Saturday, 2 May 2009

To Banbury - part 1

We decided on Tuesday night that since the weather was looking good for the following day and we had topped up with water and diesel, it would be a good thing for us to set off early and get ourselves down to Banbury before the bank holiday weekend. So we did, setting off at 0830 hours on Wednesday morning in the bright spring sunshine.

The trip to Braunston was pretty uneventful and has been remarked on before (see blogs passim), although Audrone managed to snap a much better picture of the northern approach to Braunston than we have managed previously. Also we had the big drama with the stern gland. . .

This is an ongoing problem that we seem to encounter quite a lot. What in effect happens is that a horrid whining noise (like a Qantas jet at Heathrow airport), sets up and apart from the grating on the nerves, is very worrying - giving rise to dire thoughts of the engine or gear box seizing up or even the stern gland disintegrating and water flooding into the engine!! So Audrone rang Aunt Agatha (AKA Pip) to see if she could locate John Cook, Brinklow's resident engine genius.

Martin (Pip's partner) was sent racing around the marina looking for John, thinking that we had completely broken down - I think we owe Martin a beer or two! John was eventually found and rang us to see what the problem was. He seems to think that the noise is a harmonic sound set up by the type of prop that we have, and that if the bearings or the stern gland weren't hot to touch there was little
to worry about. In fact the problem seems to be that we need to wind the grease screw more tightly and more frequently than we have been doing. Anyway, we are living with it at present, it has become just a minor irritation.

Have a look at this bridge - it looks more like a bridge that has gone to seed, or worse. . . . or is it the result of shelling that we haven't heard about??

The bridge that's gone too far.

After making the right hand turn into the part of the cut that is called either the Oxford Canal, the Grand Union, or both; we headed past Napton Junction, stopping to let another boat come through the turn. The chap steering said there was another boat about to enter. Well it wasn't, and stupidly we waited for them to nose their way into the main canal. They then showed us how slow people can really be. But as luck would have it they pulled over to moor before we faced a bad road following behind them.

Napton is beautifully situated on a hill (hence the full name of the village). We have moored up here before, and I have climbed to hill over to the other side, it is indeed a very pretty village.
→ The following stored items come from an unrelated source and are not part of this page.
Lemma continuous_truncated_kernel x d : 0 < d -> continuous (truncated_kernel x d).
Proof.
move=> d0 y; have cxy : continuous (fun y : R => x - y).
  by move=> z; apply: continuousB; [exact: cst_continuous|exact: id].
apply: (continuousM (s := fun y => x - y)
  (t := fun y => (Num.max ((x - y) ^+ 2) (d ^+ 2))^-1)); first exact: cxy.
apply: continuousV.
  by rewrite gt_eqF // lt_max; apply/orP; right; exact: exprn_gt0.
apply: (@continuous_max _ _ (fun y => (x - y) ^+ 2) (fun _ => d ^+ 2)).
  rewrite (_ : (fun y => (x - y) ^+ 2) = (fun y => x - y) \* (fun y => x - y)).
    by apply: continuousM; exact: cxy.
  by apply/funext => z; rewrite expr2.
exact: cst_continuous.
Qed.

Lemma normr_truncated_kernel_le x d y : 0 < d -> `|truncated_kernel x d y| <= d^-1.
Proof.
move=> d0; rewrite /truncated_kernel; set t := x - y; set M := Num.max _ _.
have M1 : `|t| ^+ 2 <= M by rewrite real_normK ?num_real // le_max lexx.
have M2 : d ^+ 2 <= M by rewrite le_max lexx orbT.
have M0 : 0 < M by apply: lt_le_trans M2; rewrite exprn_gt0.
rewrite normrM normfV (gtr0_norm M0) ler_pdivrMr // -(ler_pM2l d0) mulrA divff ?gt_eqF //.
rewrite mul1r; have := sqr_ge0 (`|t| - d); nra.
Qed.

Lemma truncated_kernelE x d y : 0 < d -> d <= `|x - y| ->
  truncated_kernel x d y = (x - y)^-1.
Proof.
move=> d0 dxy; have xy0 : x - y != 0 by rewrite -normr_gt0 (lt_le_trans d0).
rewrite /truncated_kernel max_l; first by rewrite expr2 invfM mulrA divff ?mul1r.
by rewrite -(real_normK (num_real (x - y))) lerXn2r // ?nnegrE ltW.
Qed.

Lemma integrable_cauchy_kernel phi x :
  mu.-integrable setT (EFin \o phi) -> (\forall y \near x, phi y = 0) ->
  mu.-integrable setT (EFin \o (fun y => phi y / (x - y))).
Proof.
move=> iphi /nbhs_ballP[d /= d0 phi0].
have mk := continuous_measurable_fun (@continuous_truncated_kernel x d d0).
have bk : [bounded truncated_kernel x d y | y in setT].
  exists d^-1; split; first exact: num_real.
  by move=> M dM y _; apply: le_trans (ltW dM); exact: normr_truncated_kernel_le.
have := integrableMl measurableT iphi mk bk.
apply: eq_integrable => // y _ /=.
have [xyd|dxy] := ltP `|x - y| d; first by rewrite phi0 ?mul0r ?mul0e.
by rewrite truncated_kernelE.
Qed.

Lemma integrableZr_EFin phi r : mu.-integrable setT (EFin \o phi) ->
  mu.-integrable setT (EFin \o (fun y => phi y * r)).
Proof.
by move=> /(integrableZr measurableT r); apply: eq_integrable.
Qed.

Lemma integrableB_EFin phi psi : mu.-integrable setT (EFin \o phi) ->
  mu.-integrable setT (EFin \o psi) ->
  mu.-integrable setT (EFin \o (fun y => phi y - psi y)).
Proof.
move=> iphi ipsi; have := integrableB measurableT iphi ipsi.
by apply: eq_integrable => // y _ /=; rewrite EFinB.
Qed.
The canal of course, winds all around the hill, before you arrive at the Locks. Now that I've seen it from the top of the hill and all compass points from the cut, I must say that all the pictures that you see in the guides and magazines can't really make it as real as it is seen from the steerer's position.

The locks themselves are also remarkably picaresque and not overly difficult (saw good reason to take in the fenders though, only width for the boat in some). We were awfully pleased to have made Marston Doles in the one day, as well as finding a good mooring at the top lock. All ready for the morning then.
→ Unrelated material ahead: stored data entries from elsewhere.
(* Let $\Gamma=\mathbb{Z}/m_1\mathbb{Z}\times\dots\times\mathbb{Z}/m_l\mathbb{Z}$, written multiplicatively with generators $x_1,\dots,x_l$ ($x_i$ of order $m_i$), so that elements of $\mathbb{C}\Gamma$ are Laurent polynomials $P(x_1,\dots,x_l)$ reduced modulo $x_i^{m_i}=1$. Let $P\in\mathbb{C}\Gamma$ be reciprocal, let $k$ be the $l_1$-norm of its coefficients, and let $|\lambda|<1/k$. For each $i$ let $\xi_{m_i}$ be a primitive $m_i$-th root of unity. Then \[ m_\Gamma(P,\lambda)=\frac{1}{|\Gamma|}\log\left(\prod_{j_1=0}^{m_1-1}\cdots\prod_{j_l=0}^{m_l-1}\Big(1-\lambda P\big(\xi_{m_1}^{j_1},\dots,\xi_{m_l}^{j_l}\big)\Big)\right), \] where $|\Gamma|=m_1\cdots m_l$ and the logarithm of the product is the sum of the principal logarithms of its factors.
   Context: For a group $\Gamma$ and $Q=\sum_{g\in\Gamma}c_g g\in\mathbb{C}\Gamma$ (finite sum), the reciprocal is $Q^*=\sum_g\overline{c_g}\,g^{-1}$, and $Q$ is reciprocal if $Q=Q^*$. For reciprocal $P\in\mathbb{C}\Gamma$ with $l_1$-norm $k=\sum_g|c_g|$ and $|\lambda|<1/k$, define $m_\Gamma(P,\lambda)=-\sum_{n\ge1}a_n\lambda^n/n$, where $a_n$ is the coefficient of the identity element in $P^n$. *)

From Stdlib Require Import Reals List Arith.
From Coquelicot Require Import Coquelicot.
Import ListNotations.
Open Scope R_scope.

(* The group Gamma = Z/m_1 x ... x Z/m_l is encoded by the list ms = [m_1;...;m_l].
   Its elements are the lists [g_1;...;g_l] of naturals with g_i < m_i,
   g standing for x_1^{g_1} ... x_l^{g_l}. *)
Fixpoint grp_elems (ms : list nat) : list (list nat) :=
  match ms with
  | [] => [ [] ]
  | m :: ms' => flat_map (fun j => map (cons j) (grp_elems ms')) (seq 0 m)
  end.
. . . . . . .Pictures to follow, have to move boat.

Tuesday, 28 April 2009

On the subject of honey and other things

A few entries previous to this one, I mentioned that we spent an enjoyable day at Newnham Paddox attending the Daffodil Sunday fair. While browsing through the stalls and walking down to the lake, Audrone came upon a fascinating exhibition set up by the Rugby branch of the Warwickshire Beekepers' Association (Dr Bruce Roberts is the contact person for the Rugby branch). Their website is, I can highly recommend the honey that they produce.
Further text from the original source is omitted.